If it would not be like this, a certain sound would not keep it's characteristics played by different sources. I wonder how we would be able to listen Jor Bonamassa in TV (with TV-Speakers!!!) and later recognize his sound in the car and still later at home with a good HiFi chain?

 

So, if some people 're feeling the distorted sound to have to much treble and try to reduce by hicut and noone's complaining thad the sound seems too dull, it seems like line6 people use dull monitors to create the boxsims. Hard to believe, that they don't know a real frfr system ;)

So my question remains the same.

 

abolutely - see my measurement above.

 

So if I understand your point correctly (and I well may not, I have not read the entire thread), even if the Helix can't anticipate what you are going to be playing it through, and allowing for different output options (FRFR, PA speaker, guitar amp), "why are there 'unpleasant' frequencies present in an amp and/or cab model regardless of its final destination, particularly at the high and low end where they would be easy to cut in the emulation?". If that is what you are getting at I kind of wonder the same thing.

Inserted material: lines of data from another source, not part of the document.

(* Let $(W,S)$, $\Gamma$, $L$ be as in the context and let $E\mapsto\tilde{a}_E$ be the function defined recursively there. Then for every $E\in\mathrm{Irr}(W)$ we have $\tilde a_E\ge\tilde a'_E\ge 0$ and $\tilde a_{E\otimes\mathrm{sgn}}-\tilde a_E=\omega_L(E)$. Moreover, if $J\subsetneqq S$, $M\in\mathrm{Irr}(W_J)$ and $E$ is an irreducible constituent of the representation induced from $M$, then $\tilde a_E\ge\tilde a_M$.
   Context: $(W,S)$ is a finite Coxeter group with length function $l$. $\Gamma$ is an abelian group with a total order $\le$ compatible with addition. $L\colon W\to\Gamma$ is a weight function: $L(ww')=L(w)+L(w')$ whenever $l(ww')=l(w)+l(w')$; assume $L(s)\ge 0$ for all $s\in S$. For $J\subseteq S$, $W_J$ is the parabolic subgroup generated by $J$ (a Coxeter group with generators $J$), and $L$ restricts to a weight function on it. $\mathrm{Irr}(W)$ is the set of complex irreducible representations of $W$; $\mathrm{sgn}$ is the sign representation. Let $S'\subseteq S$ be a set of representatives of the conjugacy classes of $W$ contained in $T=\{wsw^{-1}\}$, and $N_s$ the size of the class of $s$; set $\omega_L(E):=\sum_{s\in S'}\frac{N_s\,\mathrm{trace}(s,E)}{\dim E}L(s)\in\Gamma$ (these coefficients are integers). For $M\in\mathrm{Irr}(W_J)$, write $M\uparrow E$ if $E$ is a constituent of $\mathrm{Ind}_{W_J}^W M$. Definition of $\tilde a$ (recursively over parabolic subgroups): if $W=\{1\}$, $\tilde a_{1_W}:=0$. Otherwise, assuming $\tilde a$ defined for all $W_J$, $J\subsetneqq S$, set $\tilde a'_E:=\max\{\tilde a_M\mid M\in\mathrm{Irr}(W_J),\ J\subsetneqq S,\ M\uparrow E\}$, and $\tilde a_E:=\tilde a'_E$ if $\tilde a'_{E\otimes\mathrm{sgn}}-\tilde a'_E\le\omega_L(E)$, and $\tilde a_E:=\tilde a'_{E\otimes\mathrm{sgn}}-\omega_L(E)$ otherwise. *)

From HB Require Import structures.
From mathcomp Require Import all_boot all_order all_algebra all_fingroup all_solvable all_field all_character.
Set Implicit Arguments. Unset Strict Implicit. Unset Printing Implicit Defensive.
Import Order.TTheory GRing.Theory Num.Theory.

Local Open Scope ring_scope.
Section Coxeter.
Variable gT : finGroupType.

Definition wprod (t : seq gT) : gT := (\prod_(s <- t) s)%g.

(* length of w with respect to the generating set S: minimal size of a word
   in S with product w (all elements of <<S>>%G have such a word of size < #|gT|);
   default #|gT| for elements outside <<S>>%G. *)
Definition has_word (S : {set gT}) (w : gT) (n : nat) : bool :=
  [exists t : n.-tuple gT, all (mem S) t && (wprod t == w)].

Definition len (S : {set gT}) (w : gT) : nat :=
  \big[minn/#|gT|]_(n < #|gT|.+1 | has_word S w n) n.

(* (<<S>>%G, S) is a Coxeter system: S consists of involutions and the exchange
   condition holds (Bourbaki, Lie IV, 1.6, Thm 1 characterisation). *)
Definition coxeter_system (S : {set gT}) : Prop :=
  (forall s, s \in S -> s != 1%g /\ (s ^+ 2 = 1)%g) /\
  (forall (t : seq gT) (s : gT), s \in S -> all (mem S) t ->
     len S (wprod t) = size t -> (len S (s * wprod t)%g <= size t)%N ->
     exists2 i, (i < size t)%N & (s * wprod t)%g = wprod (take i t ++ drop i.+1 t)).

Definition weight_function (Gamma : porderZmodType) (S : {set gT}) (L : gT -> Gamma)
  : Prop :=
  (forall w w', w \in <<S>>%G -> w' \in <<S>>%G ->
     len S (w * w')%g = (len S w + len S w')%N -> L (w * w')%g = (L w + L w')%R) /\
  (forall s, s \in S -> (0 <= L s)%R).

Definition sgnI (J : {set gT}) (E : Iirr <<J>>%G) : Iirr <<J>>%G :=
  odflt E [pick j : Iirr <<J>>%G |
    [forall x in <<J>>%G, 'chi_j x == ((-1) ^+ len J x * 'chi_E x)%R]].

Variable Gamma : porderZmodType.
Variable L : gT -> Gamma.

(* omega_L(E) for W_J, with the canonical set of representatives
   S' = { s in J | s = repr (class of s in W_J meet J) } *)
Definition omega (J : {set gT}) (E : Iirr <<J>>%G) : Gamma :=
  let chi := 'chi[<<J>>%G]_E in
  (\sum_(s in J | s == (repr ((s ^: <<J>>%G)%g :&: J))%g)
      L s *~ Num.floor (#|(s ^: <<J>>%G)%g|%:R * chi s / chi 1%g))%R.

Definition seqmax (l : seq Gamma) : Gamma :=
  foldr (fun x y => Order.max x y) (head 0%R l) l.

Definition aprime (f : forall K : {set gT}, Iirr <<K>>%G -> Gamma)
    (J : {set gT}) (E : Iirr <<J>>%G) : Gamma :=
  seqmax (flatten [seq [seq f K M | M <- enum (Iirr <<K>>%G) &
                          E \in irr_constt ('Ind[<<J>>%G] 'chi[<<K>>%G]_M)]
                   | K <- enum [set K : {set gT} | K \proper J]]).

I guess we do get a huge measure of flexibility in return for not building these cuts into the amp/cab emulation as we can always dial them in ourselves. I can also see where getting some of the nuances of a mid-bump or other EQ nuances in the 75hz-5khz  range would be almost impossible to get consistent across the huge variety of speaker/cab/mic destinations available to guitarists. I think it would be great if there was some kind of global EQ options where you would designate whether you are using a full range speaker or a guitar speaker and the emulations would  automatically be master EQ'd accordingly.

 

If you wanted to take it to its logical conclusion you would have a database of amps and speakers that would actually include their top and bottom end frequency range specs as well as any other mid bump or other EQ characteristics unique to that equipment.  You would dial in your PA speaker or amp and cab, e.g. "Mesa Boogie Mark V combo" and the global EQ would adjust all the presets for your amp/cab/FRFR/PA speaker. Just speculating on what would be cool to have on a future modeler of course, not expecting anything like this with the Helix. But down the road it sure would be awesome. Kind of like Logitech Harmony universal remotes which have a database of all other remotes and can automatically dial up the IR codes for any remote you have.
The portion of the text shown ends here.